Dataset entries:
----------------------------------------
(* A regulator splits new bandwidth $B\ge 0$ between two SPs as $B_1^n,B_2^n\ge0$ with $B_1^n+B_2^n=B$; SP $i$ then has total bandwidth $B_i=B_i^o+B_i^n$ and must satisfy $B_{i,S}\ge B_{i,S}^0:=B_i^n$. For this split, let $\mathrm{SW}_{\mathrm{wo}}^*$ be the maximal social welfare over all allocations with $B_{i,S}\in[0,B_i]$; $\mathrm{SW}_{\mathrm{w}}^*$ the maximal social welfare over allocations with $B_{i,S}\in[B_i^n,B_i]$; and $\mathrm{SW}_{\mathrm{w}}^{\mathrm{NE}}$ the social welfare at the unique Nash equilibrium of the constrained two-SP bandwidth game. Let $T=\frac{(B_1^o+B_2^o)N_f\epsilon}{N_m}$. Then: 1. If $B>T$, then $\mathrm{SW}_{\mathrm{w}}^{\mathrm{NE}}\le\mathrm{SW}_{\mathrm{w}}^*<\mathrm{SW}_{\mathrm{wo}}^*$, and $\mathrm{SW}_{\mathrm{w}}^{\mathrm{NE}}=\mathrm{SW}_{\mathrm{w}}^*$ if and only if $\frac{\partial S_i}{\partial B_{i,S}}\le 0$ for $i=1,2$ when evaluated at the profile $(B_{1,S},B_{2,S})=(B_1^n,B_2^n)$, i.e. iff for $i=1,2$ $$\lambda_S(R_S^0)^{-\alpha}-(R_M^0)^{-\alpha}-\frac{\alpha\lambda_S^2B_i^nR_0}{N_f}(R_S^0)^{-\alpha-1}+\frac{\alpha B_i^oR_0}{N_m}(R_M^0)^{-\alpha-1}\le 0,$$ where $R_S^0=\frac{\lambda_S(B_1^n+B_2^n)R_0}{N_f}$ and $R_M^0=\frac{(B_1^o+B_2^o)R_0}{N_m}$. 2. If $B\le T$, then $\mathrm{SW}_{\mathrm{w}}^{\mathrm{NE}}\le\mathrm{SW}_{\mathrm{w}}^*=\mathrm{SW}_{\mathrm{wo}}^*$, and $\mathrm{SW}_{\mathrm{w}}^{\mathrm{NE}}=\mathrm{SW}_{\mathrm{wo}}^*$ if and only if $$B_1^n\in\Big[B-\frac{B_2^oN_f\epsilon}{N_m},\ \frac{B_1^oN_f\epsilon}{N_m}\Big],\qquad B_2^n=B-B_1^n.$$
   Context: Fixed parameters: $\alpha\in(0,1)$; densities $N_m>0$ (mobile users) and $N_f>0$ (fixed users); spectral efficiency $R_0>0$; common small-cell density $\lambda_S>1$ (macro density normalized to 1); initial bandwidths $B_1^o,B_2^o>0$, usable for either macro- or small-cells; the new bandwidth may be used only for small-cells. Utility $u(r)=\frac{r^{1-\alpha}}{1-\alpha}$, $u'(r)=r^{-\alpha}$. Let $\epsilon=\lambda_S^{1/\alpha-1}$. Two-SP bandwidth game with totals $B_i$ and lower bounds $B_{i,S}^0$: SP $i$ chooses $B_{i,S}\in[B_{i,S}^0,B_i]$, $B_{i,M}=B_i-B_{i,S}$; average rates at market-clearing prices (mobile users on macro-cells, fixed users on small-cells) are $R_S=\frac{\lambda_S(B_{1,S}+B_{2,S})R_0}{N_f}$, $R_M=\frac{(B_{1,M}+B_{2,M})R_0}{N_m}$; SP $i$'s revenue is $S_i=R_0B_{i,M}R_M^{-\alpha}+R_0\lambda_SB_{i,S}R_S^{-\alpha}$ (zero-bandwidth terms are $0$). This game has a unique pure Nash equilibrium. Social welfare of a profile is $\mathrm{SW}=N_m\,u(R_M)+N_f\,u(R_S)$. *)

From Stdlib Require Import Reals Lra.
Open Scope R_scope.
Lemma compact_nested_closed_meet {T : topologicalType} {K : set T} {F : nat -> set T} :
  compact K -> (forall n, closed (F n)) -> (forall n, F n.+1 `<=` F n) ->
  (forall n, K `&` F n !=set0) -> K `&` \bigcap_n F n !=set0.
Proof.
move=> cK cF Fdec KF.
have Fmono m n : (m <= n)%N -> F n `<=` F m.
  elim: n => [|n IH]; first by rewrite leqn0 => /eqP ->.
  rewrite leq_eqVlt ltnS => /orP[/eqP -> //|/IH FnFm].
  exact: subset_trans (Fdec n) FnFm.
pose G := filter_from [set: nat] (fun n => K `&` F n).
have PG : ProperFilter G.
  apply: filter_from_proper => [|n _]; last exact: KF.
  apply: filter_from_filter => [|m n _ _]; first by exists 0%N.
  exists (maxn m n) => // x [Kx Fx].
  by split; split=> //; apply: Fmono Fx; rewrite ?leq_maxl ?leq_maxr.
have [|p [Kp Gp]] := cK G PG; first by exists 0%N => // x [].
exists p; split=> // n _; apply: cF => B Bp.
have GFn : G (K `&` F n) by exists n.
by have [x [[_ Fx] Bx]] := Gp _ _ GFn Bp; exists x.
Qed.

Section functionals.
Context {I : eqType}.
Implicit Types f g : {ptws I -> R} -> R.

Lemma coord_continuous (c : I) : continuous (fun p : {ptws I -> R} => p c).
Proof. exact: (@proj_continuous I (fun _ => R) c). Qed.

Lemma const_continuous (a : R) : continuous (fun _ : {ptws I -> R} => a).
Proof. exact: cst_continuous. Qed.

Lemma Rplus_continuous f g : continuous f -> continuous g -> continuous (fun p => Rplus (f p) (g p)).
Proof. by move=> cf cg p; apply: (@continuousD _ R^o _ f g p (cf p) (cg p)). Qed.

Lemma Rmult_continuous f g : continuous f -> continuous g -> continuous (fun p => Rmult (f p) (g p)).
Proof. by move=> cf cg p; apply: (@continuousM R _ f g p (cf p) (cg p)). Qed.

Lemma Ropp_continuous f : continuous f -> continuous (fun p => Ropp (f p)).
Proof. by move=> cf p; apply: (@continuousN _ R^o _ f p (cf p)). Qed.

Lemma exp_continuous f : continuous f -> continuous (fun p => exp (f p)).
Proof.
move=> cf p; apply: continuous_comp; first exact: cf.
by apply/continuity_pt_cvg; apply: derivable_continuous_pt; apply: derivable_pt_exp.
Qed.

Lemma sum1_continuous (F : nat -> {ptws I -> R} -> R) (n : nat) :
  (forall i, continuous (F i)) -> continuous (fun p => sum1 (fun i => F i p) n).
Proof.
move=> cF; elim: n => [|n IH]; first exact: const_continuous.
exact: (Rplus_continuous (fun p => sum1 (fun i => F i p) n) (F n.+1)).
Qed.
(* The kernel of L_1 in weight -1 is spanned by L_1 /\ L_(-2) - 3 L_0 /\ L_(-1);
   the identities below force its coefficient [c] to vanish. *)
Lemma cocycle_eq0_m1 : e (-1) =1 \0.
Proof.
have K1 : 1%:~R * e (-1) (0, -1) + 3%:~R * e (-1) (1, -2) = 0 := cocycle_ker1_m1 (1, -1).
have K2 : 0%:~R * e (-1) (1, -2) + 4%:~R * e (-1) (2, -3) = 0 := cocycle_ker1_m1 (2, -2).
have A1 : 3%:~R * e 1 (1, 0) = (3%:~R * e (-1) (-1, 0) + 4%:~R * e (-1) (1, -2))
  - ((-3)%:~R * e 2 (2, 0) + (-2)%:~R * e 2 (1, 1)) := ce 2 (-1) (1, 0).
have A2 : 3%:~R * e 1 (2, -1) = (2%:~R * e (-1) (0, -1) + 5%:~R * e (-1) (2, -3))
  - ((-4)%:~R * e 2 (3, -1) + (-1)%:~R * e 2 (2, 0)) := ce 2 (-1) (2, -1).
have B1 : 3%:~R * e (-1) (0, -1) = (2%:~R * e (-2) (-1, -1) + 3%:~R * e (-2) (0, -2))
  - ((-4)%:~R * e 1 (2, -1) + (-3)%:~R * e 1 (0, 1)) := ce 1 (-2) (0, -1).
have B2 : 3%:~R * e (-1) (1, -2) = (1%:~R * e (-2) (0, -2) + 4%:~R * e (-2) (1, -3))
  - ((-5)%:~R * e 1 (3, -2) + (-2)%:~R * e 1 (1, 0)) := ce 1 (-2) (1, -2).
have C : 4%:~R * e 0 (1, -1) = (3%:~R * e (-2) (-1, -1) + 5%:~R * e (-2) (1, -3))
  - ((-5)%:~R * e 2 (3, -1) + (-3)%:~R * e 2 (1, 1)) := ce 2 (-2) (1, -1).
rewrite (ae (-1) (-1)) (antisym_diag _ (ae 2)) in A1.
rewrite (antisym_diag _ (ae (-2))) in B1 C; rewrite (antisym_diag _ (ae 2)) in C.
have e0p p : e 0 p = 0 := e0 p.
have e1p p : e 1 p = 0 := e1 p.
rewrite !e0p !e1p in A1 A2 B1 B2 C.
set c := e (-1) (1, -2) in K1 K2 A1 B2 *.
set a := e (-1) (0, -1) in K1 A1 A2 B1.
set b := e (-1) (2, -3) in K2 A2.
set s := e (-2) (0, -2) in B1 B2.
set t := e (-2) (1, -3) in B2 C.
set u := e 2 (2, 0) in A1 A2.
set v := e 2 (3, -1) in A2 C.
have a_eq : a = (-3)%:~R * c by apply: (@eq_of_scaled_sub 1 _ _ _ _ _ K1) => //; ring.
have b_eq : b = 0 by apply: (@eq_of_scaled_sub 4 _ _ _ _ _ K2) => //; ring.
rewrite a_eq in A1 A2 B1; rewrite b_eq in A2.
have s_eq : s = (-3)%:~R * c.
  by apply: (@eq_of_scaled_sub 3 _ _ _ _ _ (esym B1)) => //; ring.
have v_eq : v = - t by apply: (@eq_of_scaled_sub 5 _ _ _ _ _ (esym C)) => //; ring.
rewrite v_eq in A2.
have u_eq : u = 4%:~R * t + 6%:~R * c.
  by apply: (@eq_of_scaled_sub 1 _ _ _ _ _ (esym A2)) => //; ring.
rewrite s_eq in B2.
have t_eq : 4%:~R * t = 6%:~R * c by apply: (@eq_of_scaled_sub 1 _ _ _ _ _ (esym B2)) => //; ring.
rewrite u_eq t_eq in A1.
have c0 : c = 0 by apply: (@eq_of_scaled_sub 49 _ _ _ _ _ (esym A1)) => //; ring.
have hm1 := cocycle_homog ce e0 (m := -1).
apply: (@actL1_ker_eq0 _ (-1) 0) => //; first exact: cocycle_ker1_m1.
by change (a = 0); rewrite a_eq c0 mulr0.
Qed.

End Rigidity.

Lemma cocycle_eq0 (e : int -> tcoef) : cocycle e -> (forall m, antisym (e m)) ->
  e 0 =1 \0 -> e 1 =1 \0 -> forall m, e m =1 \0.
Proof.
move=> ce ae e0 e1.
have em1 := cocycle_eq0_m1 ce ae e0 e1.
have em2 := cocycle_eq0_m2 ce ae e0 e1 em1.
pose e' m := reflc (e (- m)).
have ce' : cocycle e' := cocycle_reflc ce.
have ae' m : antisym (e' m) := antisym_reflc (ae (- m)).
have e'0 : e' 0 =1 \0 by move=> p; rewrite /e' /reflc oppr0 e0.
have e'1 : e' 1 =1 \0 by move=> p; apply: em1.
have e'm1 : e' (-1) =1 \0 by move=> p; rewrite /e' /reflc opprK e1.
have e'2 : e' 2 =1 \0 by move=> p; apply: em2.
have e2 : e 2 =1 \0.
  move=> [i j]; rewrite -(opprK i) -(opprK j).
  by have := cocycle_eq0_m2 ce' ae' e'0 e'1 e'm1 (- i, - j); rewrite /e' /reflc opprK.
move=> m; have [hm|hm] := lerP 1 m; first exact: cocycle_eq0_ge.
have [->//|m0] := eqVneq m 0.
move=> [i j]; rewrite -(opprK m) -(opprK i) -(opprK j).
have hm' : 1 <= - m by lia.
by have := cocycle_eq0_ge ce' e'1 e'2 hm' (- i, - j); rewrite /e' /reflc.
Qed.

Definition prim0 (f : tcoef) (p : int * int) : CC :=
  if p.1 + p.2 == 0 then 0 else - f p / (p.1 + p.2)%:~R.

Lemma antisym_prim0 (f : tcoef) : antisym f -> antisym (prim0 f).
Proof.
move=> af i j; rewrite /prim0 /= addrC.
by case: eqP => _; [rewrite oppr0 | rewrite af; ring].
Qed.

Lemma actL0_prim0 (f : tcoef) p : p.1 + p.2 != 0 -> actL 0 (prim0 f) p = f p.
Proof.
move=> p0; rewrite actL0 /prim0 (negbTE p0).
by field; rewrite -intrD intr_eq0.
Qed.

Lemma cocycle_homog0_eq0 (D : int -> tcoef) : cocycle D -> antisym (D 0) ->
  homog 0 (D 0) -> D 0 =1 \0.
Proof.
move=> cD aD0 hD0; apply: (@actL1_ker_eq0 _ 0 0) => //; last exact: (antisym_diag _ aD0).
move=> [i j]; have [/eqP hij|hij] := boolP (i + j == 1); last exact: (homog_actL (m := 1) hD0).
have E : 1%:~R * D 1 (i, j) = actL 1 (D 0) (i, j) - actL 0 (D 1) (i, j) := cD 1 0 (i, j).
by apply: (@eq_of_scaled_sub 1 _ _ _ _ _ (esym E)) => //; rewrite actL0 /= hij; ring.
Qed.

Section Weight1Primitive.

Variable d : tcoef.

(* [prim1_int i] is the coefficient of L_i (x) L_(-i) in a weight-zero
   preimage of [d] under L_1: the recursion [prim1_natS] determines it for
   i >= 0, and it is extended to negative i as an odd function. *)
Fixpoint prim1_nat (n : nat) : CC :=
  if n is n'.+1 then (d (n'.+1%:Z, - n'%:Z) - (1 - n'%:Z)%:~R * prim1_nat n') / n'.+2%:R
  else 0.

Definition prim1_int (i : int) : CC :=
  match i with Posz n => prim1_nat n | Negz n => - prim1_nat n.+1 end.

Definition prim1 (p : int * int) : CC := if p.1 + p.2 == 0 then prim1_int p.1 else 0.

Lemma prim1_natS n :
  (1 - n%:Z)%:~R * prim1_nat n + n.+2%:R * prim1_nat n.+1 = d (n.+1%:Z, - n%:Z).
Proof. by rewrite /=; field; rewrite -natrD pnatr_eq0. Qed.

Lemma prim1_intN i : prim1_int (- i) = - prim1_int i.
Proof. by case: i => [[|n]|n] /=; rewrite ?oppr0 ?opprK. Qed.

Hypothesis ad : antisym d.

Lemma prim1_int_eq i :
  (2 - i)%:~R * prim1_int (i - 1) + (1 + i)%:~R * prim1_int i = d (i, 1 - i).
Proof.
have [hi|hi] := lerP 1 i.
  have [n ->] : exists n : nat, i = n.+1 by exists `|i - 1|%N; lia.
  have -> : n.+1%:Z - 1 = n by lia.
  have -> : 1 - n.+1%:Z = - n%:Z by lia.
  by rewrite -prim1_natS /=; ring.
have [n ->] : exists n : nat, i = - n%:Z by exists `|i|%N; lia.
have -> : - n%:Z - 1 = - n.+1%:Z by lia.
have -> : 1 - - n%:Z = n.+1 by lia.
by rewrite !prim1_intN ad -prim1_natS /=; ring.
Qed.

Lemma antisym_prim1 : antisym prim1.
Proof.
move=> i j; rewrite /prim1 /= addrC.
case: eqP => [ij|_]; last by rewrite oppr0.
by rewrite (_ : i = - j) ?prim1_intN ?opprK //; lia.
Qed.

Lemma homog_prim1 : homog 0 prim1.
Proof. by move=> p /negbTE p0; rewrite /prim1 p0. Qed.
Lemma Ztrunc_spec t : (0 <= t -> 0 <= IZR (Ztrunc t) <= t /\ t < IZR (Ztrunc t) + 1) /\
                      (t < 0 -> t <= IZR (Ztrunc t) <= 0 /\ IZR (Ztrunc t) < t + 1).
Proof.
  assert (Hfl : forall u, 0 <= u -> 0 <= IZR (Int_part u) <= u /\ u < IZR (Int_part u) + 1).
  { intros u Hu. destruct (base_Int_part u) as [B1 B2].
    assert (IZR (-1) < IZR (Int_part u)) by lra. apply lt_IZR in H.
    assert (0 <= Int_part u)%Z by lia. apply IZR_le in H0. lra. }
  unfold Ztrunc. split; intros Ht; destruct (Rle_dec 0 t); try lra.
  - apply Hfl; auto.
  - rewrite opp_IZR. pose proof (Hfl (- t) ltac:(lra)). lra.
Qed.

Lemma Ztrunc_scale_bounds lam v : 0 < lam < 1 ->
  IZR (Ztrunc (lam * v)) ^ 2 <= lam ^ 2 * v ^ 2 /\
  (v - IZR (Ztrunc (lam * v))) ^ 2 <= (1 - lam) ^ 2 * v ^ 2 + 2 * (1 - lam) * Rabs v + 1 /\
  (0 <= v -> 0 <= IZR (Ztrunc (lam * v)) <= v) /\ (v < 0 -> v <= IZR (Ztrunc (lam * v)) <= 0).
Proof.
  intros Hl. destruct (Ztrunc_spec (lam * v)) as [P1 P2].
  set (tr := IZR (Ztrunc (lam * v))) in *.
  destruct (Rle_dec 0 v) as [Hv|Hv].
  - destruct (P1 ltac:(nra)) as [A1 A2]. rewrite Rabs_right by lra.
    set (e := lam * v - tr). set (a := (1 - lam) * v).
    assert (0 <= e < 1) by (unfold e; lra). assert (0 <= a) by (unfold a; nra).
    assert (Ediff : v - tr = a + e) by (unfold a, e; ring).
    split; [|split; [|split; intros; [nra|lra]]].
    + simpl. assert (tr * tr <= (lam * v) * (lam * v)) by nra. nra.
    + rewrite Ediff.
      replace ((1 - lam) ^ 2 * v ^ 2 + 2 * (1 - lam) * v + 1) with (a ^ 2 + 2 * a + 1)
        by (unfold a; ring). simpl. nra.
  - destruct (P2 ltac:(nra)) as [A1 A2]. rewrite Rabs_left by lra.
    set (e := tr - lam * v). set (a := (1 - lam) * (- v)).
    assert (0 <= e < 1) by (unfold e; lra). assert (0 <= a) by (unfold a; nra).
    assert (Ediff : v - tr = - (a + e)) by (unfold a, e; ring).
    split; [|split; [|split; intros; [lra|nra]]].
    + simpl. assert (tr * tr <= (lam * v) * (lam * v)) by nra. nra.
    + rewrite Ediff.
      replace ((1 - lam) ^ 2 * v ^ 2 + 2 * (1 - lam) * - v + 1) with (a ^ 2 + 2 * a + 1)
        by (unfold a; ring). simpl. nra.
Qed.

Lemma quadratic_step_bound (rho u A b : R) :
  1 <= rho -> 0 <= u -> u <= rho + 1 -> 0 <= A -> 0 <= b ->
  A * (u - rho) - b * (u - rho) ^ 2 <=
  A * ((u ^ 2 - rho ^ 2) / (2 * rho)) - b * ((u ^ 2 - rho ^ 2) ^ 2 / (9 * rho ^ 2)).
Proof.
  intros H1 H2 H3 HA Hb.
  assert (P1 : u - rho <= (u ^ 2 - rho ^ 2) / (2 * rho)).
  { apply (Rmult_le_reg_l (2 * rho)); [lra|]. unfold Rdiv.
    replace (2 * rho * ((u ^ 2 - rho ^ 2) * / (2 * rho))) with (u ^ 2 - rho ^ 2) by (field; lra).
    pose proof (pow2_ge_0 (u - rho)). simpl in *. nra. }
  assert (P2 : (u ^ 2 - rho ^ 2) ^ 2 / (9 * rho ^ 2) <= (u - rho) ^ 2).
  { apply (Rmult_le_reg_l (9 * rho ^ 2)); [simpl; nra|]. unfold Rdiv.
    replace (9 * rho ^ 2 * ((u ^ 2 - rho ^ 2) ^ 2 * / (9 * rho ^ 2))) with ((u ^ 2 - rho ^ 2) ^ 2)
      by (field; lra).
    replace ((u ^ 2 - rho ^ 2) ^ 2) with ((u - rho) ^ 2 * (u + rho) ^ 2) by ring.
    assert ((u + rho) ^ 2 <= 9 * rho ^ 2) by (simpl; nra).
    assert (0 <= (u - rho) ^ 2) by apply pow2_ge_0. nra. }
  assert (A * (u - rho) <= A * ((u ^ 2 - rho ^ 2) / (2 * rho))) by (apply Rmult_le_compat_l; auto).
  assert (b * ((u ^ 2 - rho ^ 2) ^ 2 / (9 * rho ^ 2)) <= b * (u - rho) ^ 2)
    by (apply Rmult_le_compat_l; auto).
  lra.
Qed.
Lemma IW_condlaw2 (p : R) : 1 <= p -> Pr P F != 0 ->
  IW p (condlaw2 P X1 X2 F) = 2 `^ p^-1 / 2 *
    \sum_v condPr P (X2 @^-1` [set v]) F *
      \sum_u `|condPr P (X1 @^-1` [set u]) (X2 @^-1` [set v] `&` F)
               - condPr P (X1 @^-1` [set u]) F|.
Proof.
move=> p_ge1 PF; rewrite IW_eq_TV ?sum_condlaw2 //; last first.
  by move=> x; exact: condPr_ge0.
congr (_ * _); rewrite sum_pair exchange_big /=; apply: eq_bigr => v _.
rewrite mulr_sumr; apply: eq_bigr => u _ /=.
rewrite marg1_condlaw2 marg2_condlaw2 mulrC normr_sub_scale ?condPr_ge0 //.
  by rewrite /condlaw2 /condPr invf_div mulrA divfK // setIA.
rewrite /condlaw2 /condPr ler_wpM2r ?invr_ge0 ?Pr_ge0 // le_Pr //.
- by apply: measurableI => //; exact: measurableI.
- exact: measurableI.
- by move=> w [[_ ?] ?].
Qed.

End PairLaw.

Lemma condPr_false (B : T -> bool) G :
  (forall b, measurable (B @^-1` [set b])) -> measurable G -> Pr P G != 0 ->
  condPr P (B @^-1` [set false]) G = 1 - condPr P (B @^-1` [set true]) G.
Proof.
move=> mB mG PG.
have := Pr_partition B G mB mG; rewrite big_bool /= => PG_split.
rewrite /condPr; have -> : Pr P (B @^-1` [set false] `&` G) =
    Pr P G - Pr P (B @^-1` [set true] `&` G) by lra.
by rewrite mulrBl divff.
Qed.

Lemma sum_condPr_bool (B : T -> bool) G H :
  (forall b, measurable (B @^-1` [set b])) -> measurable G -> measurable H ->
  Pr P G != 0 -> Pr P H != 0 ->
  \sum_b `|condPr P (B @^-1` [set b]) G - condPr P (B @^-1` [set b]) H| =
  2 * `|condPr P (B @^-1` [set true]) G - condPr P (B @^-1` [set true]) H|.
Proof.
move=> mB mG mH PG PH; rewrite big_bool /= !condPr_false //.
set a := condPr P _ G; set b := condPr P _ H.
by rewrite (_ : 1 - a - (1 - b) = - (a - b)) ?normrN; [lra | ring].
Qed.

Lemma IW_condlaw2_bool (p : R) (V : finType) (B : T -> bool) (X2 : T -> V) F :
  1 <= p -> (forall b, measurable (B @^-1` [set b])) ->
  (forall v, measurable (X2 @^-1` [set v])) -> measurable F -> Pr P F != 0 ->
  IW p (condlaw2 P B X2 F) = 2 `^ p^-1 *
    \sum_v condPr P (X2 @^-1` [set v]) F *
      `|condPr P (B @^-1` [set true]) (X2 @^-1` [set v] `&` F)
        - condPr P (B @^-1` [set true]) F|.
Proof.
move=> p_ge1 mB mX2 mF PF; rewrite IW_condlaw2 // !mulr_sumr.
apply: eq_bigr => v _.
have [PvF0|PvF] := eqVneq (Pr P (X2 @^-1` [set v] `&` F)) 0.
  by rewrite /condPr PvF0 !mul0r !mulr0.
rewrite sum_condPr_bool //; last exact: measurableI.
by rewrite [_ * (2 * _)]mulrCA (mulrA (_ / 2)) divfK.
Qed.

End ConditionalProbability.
----------------------------------------
_EXERCISE DESCRIPTION_.
Lines from the entries that contain the string "exists" must be found and copied.

_WRITTEN SOLUTION_.
  apply: filter_from_filter => [|m n _ _]; first by exists 0%N.
  exists (maxn m n) => // x [Kx Fx].
have [|p [Kp Gp]] := cK G PG; first by exists 0%N => // x [].
exists p; split=> // n _; apply: cF => B Bp.
have GFn : G (K `&` F n) by exists n.
by have [x [[_ Fx] Bx]] := Gp _ _ GFn Bp; exists x.
  have [n ->] : exists n : nat, i = n.+1 by exists `|i - 1|%N; lia.
have [n ->] : exists n : nat, i = - n%:Z by exists `|i|%N; lia.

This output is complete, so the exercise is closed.